(* Let $k,n$ be positive integers with $k\leqslant n$, and let $X\subseteq [n]^k_<$ have the quasi-exchange property. Then every linear extension of $X$ (with respect to the Bruhat order) is a shelling order.
   Context: $[n]:=\{1,\ldots,n\}$. $[n]^k_<$ denotes the set of $k$-element subsets of $[n]$, each identified with the increasing tuple $x=(x_1<\cdots<x_k)$ of its elements (so set operations $\cap,\cup,\setminus$ and the symmetric difference $A+B:=(A\setminus B)\cup(B\setminus A)$ make sense). A subset $X\subseteq[n]^k_<$ is viewed as (the set of facets of) a pure $(k-1)$-dimensional simplicial complex. The Bruhat order on $[n]^k_<$ is: $x\leqslant y$ iff $x_i\leqslant y_i$ for all $i\in[k]$. $\mathrm{Conf}([n]^k_<)$ is the set of finite tuples $C=(C_1,\ldots,C_h)$, $h\geqslant 1$, of pairwise distinct elements of $[n]^k_<$. A linear extension of $X$ is a tuple $L=(L_1,\ldots,L_h)$ listing every element of $X$ exactly once such that $L_i<L_j$ in the Bruhat order implies $i<j$. A tuple $C=(C_1,\ldots,C_h)\in\mathrm{Conf}([n]^k_<)$ is a shelling order if for all $i<j$ in $[h]$ there exists $z<j$ with $|C_z\cap C_j|=k-1$ and $C_i\cap C_j\subseteq C_z\cap C_j$. $X$ has the quasi-exchange property if for all $x,y\in X$ and every $i\in x\setminus y$ with $i>\max(y\setminus x)$, there exists $j\in y\setminus x$ such that $x+\{i,j\}\in X$. *)

From mathcomp Require Import all_boot.
Set Implicit Arguments. Unset Strict Implicit. Unset Printing Implicit Defensive.

(* [n] is modelled by 'I_n = {0,...,n-1} (order-preserving shift by one).
   An element of [n]^k_< is a set A : {set 'I_n} with #|A| = k. *)

Definition sorted_tuple (n : nat) (A : {set 'I_n}) : seq nat :=
  sort leq [seq val i | i <- enum A].

Definition bruhat_le (n : nat) (x y : {set 'I_n}) : bool :=
  (#|x| == #|y|) &&
  [forall i : 'I_#|x|, nth 0 (sorted_tuple x) i <= nth 0 (sorted_tuple y) i].

Definition bruhat_lt (n : nat) (x y : {set 'I_n}) : bool :=
  (x != y) && bruhat_le x y.

Definition symdiff (T : finType) (A B : {set T}) : {set T} :=
  (A :\: B) :|: (B :\: A).

Definition k_family (n k : nat) (X : {set {set 'I_n}}) : Prop :=
  forall x, x \in X -> #|x| = k.

Definition quasi_exchange (n : nat) (X : {set {set 'I_n}}) : Prop :=
  forall x y, x \in X -> y \in X ->
  forall i, i \in x :\: y ->
    (forall j, j \in y :\: x -> val j < val i) ->
    exists2 j, j \in y :\: x & symdiff x [set i; j] \in X.

Definition conf (n k : nat) (C : seq {set 'I_n}) : Prop :=
  0 < size C /\ uniq C /\ (forall c, c \in C -> #|c| = k).

Definition linear_extension (n : nat) (X : {set {set 'I_n}})
  (L : seq {set 'I_n}) : Prop :=
  uniq L /\ (forall x, (x \in L) = (x \in X)) /\
  (forall i j, i < size L -> j < size L ->
     bruhat_lt (nth set0 L i) (nth set0 L j) -> i < j).

Definition shelling_order (n k : nat) (C : seq {set 'I_n}) : Prop :=
  conf k C /\
  forall i j, i < j -> j < size C ->
    exists2 z, z < j &
      (#|nth set0 C z :&: nth set0 C j| == k.-1) &&
      ((nth set0 C i :&: nth set0 C j) \subset (nth set0 C z :&: nth set0 C j)).

From mathcomp Require Import all_boot.

Set Implicit Arguments.
Unset Strict Implicit.
Unset Printing Implicit Defensive.

(* Fix a facet y = L_j and let x precede it.  Let m be the largest element of
   the symmetric difference x + y.  If m lies in y, quasi-exchange applied to
   (y, x) yields y' = y - m + c with c < m, which is Bruhat-smaller than y,
   hence earlier in L; it meets y in the ridge y - m, which contains x /\ y.
   If m lies in x, quasi-exchange applied to (x, y) yields x' = x - m + c,
   again Bruhat-smaller and hence earlier than x, with x /\ y inside x' /\ y
   and x' closer to y; we conclude by induction on |x \ y|.  The Bruhat
   comparisons follow from the counting description of the order: x <= y iff
   for every t, x has at least as many elements <= t as y. *)

Lemma nth_leq_count (s : seq nat) i t : sorted leq s -> i < size s ->
  (nth 0 s i <= t) = (i < count (leq^~ t) s).
Proof.
elim: s i => [|a s IHs] i //= sorted_as lt_i_as.
have a_le_s : all (leq a) s by apply: order_path_min => //; apply: leq_trans.
have [le_at | lt_ta] := leqP a t.
  case: i lt_i_as => [|i] //= lt_i_s.
  by rewrite add1n ltnS IHs // (path_sorted sorted_as).
have no_s_le_t : count (leq^~ t) s = 0.
  apply/eqP; rewrite -leqn0 leqNgt -has_count; apply/hasPn => c /(allP a_le_s).
  by rewrite -ltnNge; apply: leq_trans lt_ta.
rewrite no_s_le_t ltn0; case: i lt_i_as => [|i] /= lt_i_s; first by rewrite leqNgt lt_ta.
by rewrite leqNgt (leq_trans lt_ta) // (allP a_le_s) ?mem_nth.
Qed.

Lemma size_sorted_tuple n (A : {set 'I_n}) : size (sorted_tuple A) = #|A|.
Proof. by rewrite size_sort size_map cardE. Qed.

Lemma sorted_sorted_tuple n (A : {set 'I_n}) : sorted leq (sorted_tuple A).
Proof. exact: (sort_sorted leq_total). Qed.

Lemma count_sorted_tuple n (A : {set 'I_n}) t :
  count (leq^~ t) (sorted_tuple A) = #|[set c in A | val c <= t]|.
Proof.
rewrite (permP (permEl (perm_sort _ _))) count_map -size_filter cardE.
by rewrite /enum_mem -filter_predI; congr size; apply: eq_filter => c; rewrite !inE andbC.
Qed.

Lemma bruhat_le_card n (x y : {set 'I_n}) : #|x| = #|y| ->
  (forall t, #|[set c in y | val c <= t]| <= #|[set c in x | val c <= t]|) ->
  bruhat_le x y.
Proof.
move=> card_xy le_count; apply/andP; split; first exact/eqP.
apply/forallP => i; set t := nth 0 (sorted_tuple y) i.
rewrite nth_leq_count ?sorted_sorted_tuple ?size_sorted_tuple // count_sorted_tuple.
apply: leq_trans (le_count t).
rewrite -count_sorted_tuple -nth_leq_count ?sorted_sorted_tuple //.
by rewrite size_sorted_tuple -card_xy.
Qed.

Lemma card_exchange n (y : {set 'I_n}) a b : a \in y -> b \notin y ->
  #|b |: (y :\ a)| = #|y|.
Proof.
by move=> a_y b_y; rewrite cardsU1 (cardsD1 a y) a_y !inE negb_and b_y orbT add1n.
Qed.

Section Exchange.
Variables (n : nat) (y : {set 'I_n}) (a b : 'I_n).
Hypotheses (a_in_y : a \in y) (b_notin_y : b \notin y).

Lemma symdiff_exchange : symdiff y [set a; b] = b |: (y :\ a).
Proof.
apply/setP => c; rewrite /symdiff !inE.
have [->|_] := eqVneq c a.
  by rewrite a_in_y /=; case: eqP b_notin_y => // <-; rewrite a_in_y.
by have [->|_] := eqVneq c b; rewrite ?(negbTE b_notin_y) /= ?andbF ?orbF.
Qed.

Lemma exchange_setI : (b |: (y :\ a)) :&: y = y :\ a.
Proof.
apply/setP => c; rewrite !inE.
have [->|_] := eqVneq c b; first by rewrite (negbTE b_notin_y) !andbF.
by rewrite /= -andbA andbb.
Qed.

Hypothesis lt_ba : val b < val a.

Lemma count_exchange t :
  #|[set c in y | val c <= t]| <= #|[set c in b |: (y :\ a) | val c <= t]|.
Proof.
have [le_at | lt_ta] := leqP (val a) t; last first.
  apply: subset_leq_card; apply/subsetP => c; rewrite !inE => /andP[c_y le_ct].
  have ne_ca : c != a by apply: contraTneq le_ct => ->; rewrite -ltnNge.
  by rewrite c_y le_ct ne_ca orbT.
have a_small : a \in [set c in y | val c <= t] by rewrite inE a_in_y le_at.
have b_out : b \notin [set c in y | val c <= t] by rewrite inE negb_and b_notin_y.
rewrite -(card_exchange a_small b_out); apply: subset_leq_card.
apply/subsetP => c; rewrite !inE => /orP[/eqP-> | /and3P[-> -> ->]].
  by rewrite eqxx (leq_trans (ltnW lt_ba)).
by rewrite orbT.
Qed.

Lemma bruhat_lt_exchange : bruhat_lt (b |: (y :\ a)) y.
Proof.
apply/andP; split.
  by apply: contraNneq b_notin_y => <-; rewrite setU11.
exact: bruhat_le_card (card_exchange a_in_y b_notin_y) count_exchange.
Qed.

End Exchange.

Lemma symdiffC (T : finType) (A B : {set T}) : symdiff A B = symdiff B A.
Proof. exact: setUC. Qed.

Lemma symdiff_max_exists n (x y : {set 'I_n}) : x != y ->
  exists2 m, m \in symdiff x y & {in symdiff x y, forall c, val c <= val m}.
Proof.
move=> ne_xy; have [c0 c0_in] : exists c0, c0 \in symdiff x y.
  apply/set0Pn; apply: contraNneq ne_xy.
  by rewrite /symdiff => /eqP; rewrite setU_eq0 !setD_eq0 -eqEsubset.
by case: (arg_maxnP val c0_in) => m; exists m.
Qed.

Lemma quasi_exchange_max n (X : {set {set 'I_n}}) x y m :
  quasi_exchange X -> x \in X -> y \in X -> m \in x :\: y ->
  {in symdiff x y, forall c, val c <= val m} ->
  exists2 c, c \in y :\: x & (val c < val m) && (c |: (x :\ m) \in X).
Proof.
move=> qeX xX yX m_xy m_max.
have lt_m c : c \in y :\: x -> val c < val m.
  move=> c_yx; rewrite ltn_neqAle m_max ?andbT; last by rewrite /symdiff inE c_yx orbT.
  by apply: contraTneq c_yx => /val_inj->; move: m_xy; rewrite !inE => /andP[_ ->].
have [c c_yx] := qeX x y xX yX m m_xy lt_m.
move: (m_xy) (c_yx); rewrite !inE => /andP[_ m_x] /andP[c_x _].
by rewrite symdiff_exchange // => cX; exists c; rewrite ?lt_m ?cX.
Qed.

Section LinearExtensionShelling.
Variables (n : nat) (X : {set {set 'I_n}}) (L : seq {set 'I_n}).
Hypotheses (qeX : quasi_exchange X) (extL : linear_extension X L).

Let memL x : (x \in L) = (x \in X). Proof. by case: extL => _ []. Qed.

Lemma index_bruhat_lt w v : w \in X -> v \in X -> bruhat_lt w v ->
  index w L < index v L.
Proof.
case: extL => _ [_ ordL] wX vX lt_wv.
by apply: ordL; rewrite ?index_mem ?memL ?nth_index ?memL.
Qed.

Variables (y : {set 'I_n}).
Hypothesis yX : y \in X.

Lemma ridge_before x : x \in X -> index x L < index y L ->
  exists2 z, z < index y L &
    (#|nth set0 L z :&: y| == #|y|.-1) && (x :&: y \subset nth set0 L z :&: y).
Proof.
have [d] := ubnP #|x :\: y|; elim: d x => // d IHd x lt_xy_d xX lt_x_y.
have ne_xy : x != y by apply: contraTneq lt_x_y => ->; rewrite ltnn.
have [m m_xy m_max] := symdiff_max_exists ne_xy.
have [m_x | m_y] := setUP m_xy.
- have [c c_yx /andP[lt_cm x'X]] := quasi_exchange_max qeX xX yX m_x m_max.
  move: m_x c_yx; rewrite !inE => /andP[m_y m_x] /andP[c_x c_y].
  have lt_x' : index (c |: (x :\ m)) L < index y L.
    by apply: ltn_trans lt_x_y; apply: index_bruhat_lt; rewrite ?bruhat_lt_exchange.
  have lt_x'y_d : #|(c |: (x :\ m)) :\: y| < d.
    rewrite -ltnS (leq_trans _ lt_xy_d) // (cardsD1 m (x :\: y)) !inE m_y m_x ltnS.
    apply: subset_leq_card; apply/subsetP => e; rewrite !inE.
    case/andP=> e_y /orP[/eqP eq_ec | /andP[-> ->]]; last by rewrite e_y.
    by rewrite eq_ec c_y in e_y.
  have [z lt_z /andP[ridge_z sub_z]] := IHd _ lt_x'y_d x'X lt_x'.
  exists z; rewrite // ridge_z; apply: subset_trans sub_z.
  apply/subsetP => e; rewrite !inE => /andP[e_x e_y].
  have ne_em : e != m by apply: contraTneq e_y => ->.
  by rewrite e_x e_y ne_em orbT.
- rewrite symdiffC in m_max.
  have [c c_xy /andP[lt_cm y'X]] := quasi_exchange_max qeX yX xX m_y m_max.
  move: m_y c_xy; rewrite !inE => /andP[m_x m_y] /andP[c_y c_x].
  exists (index (c |: (y :\ m)) L).
    by apply: index_bruhat_lt; rewrite ?bruhat_lt_exchange.
  rewrite nth_index ?memL // exchange_setI // (cardsD1 m y) m_y eqxx.
  apply/subsetP => e; rewrite !inE => /andP[e_x e_y].
  have ne_em : e != m by apply: contraTneq e_x => ->.
  by rewrite e_y ne_em.
Qed.

End LinearExtensionShelling.

Theorem theorem3p4 (n k : nat) (X : {set {set 'I_n}}) :
  0 < k -> k <= n -> X != set0 -> k_family k X -> quasi_exchange X ->
  forall L : seq {set 'I_n}, linear_extension X L -> shelling_order k L.
Proof.
move=> _ _ X_neq0 kX qeX L extL.
have [uniqL [memL _]] := extL.
split.
  split; last by split=> // c; rewrite memL => /kX.
  by case/set0Pn: X_neq0 => x; rewrite -memL; case: (L).
move=> i j lt_ij lt_jL; have lt_iL := ltn_trans lt_ij lt_jL.
set y := nth set0 L j; have yX : y \in X by rewrite -memL mem_nth.
have card_y : #|y| = k by apply: kX.
have xX : nth set0 L i \in X by rewrite -memL mem_nth.
have := ridge_before qeX extL yX xX.
by rewrite !index_uniq // card_y; apply.
Qed.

> [The task] Only the lines above starting at the one containing "have [le_at | lt_ta] := leqP a t." and ending at the one containing "by rewrite -ltnNge; apply: leq_trans lt_ta.", both included, are to be returned, exactly as they read.

> [Response area]
have [le_at | lt_ta] := leqP a t.
  case: i lt_i_as => [|i] //= lt_i_s.
  by rewrite add1n ltnS IHs // (path_sorted sorted_as).
have no_s_le_t : count (leq^~ t) s = 0.
  apply/eqP; rewrite -leqn0 leqNgt -has_count; apply/hasPn => c /(allP a_le_s).
  by rewrite -ltnNge; apply: leq_trans lt_ta.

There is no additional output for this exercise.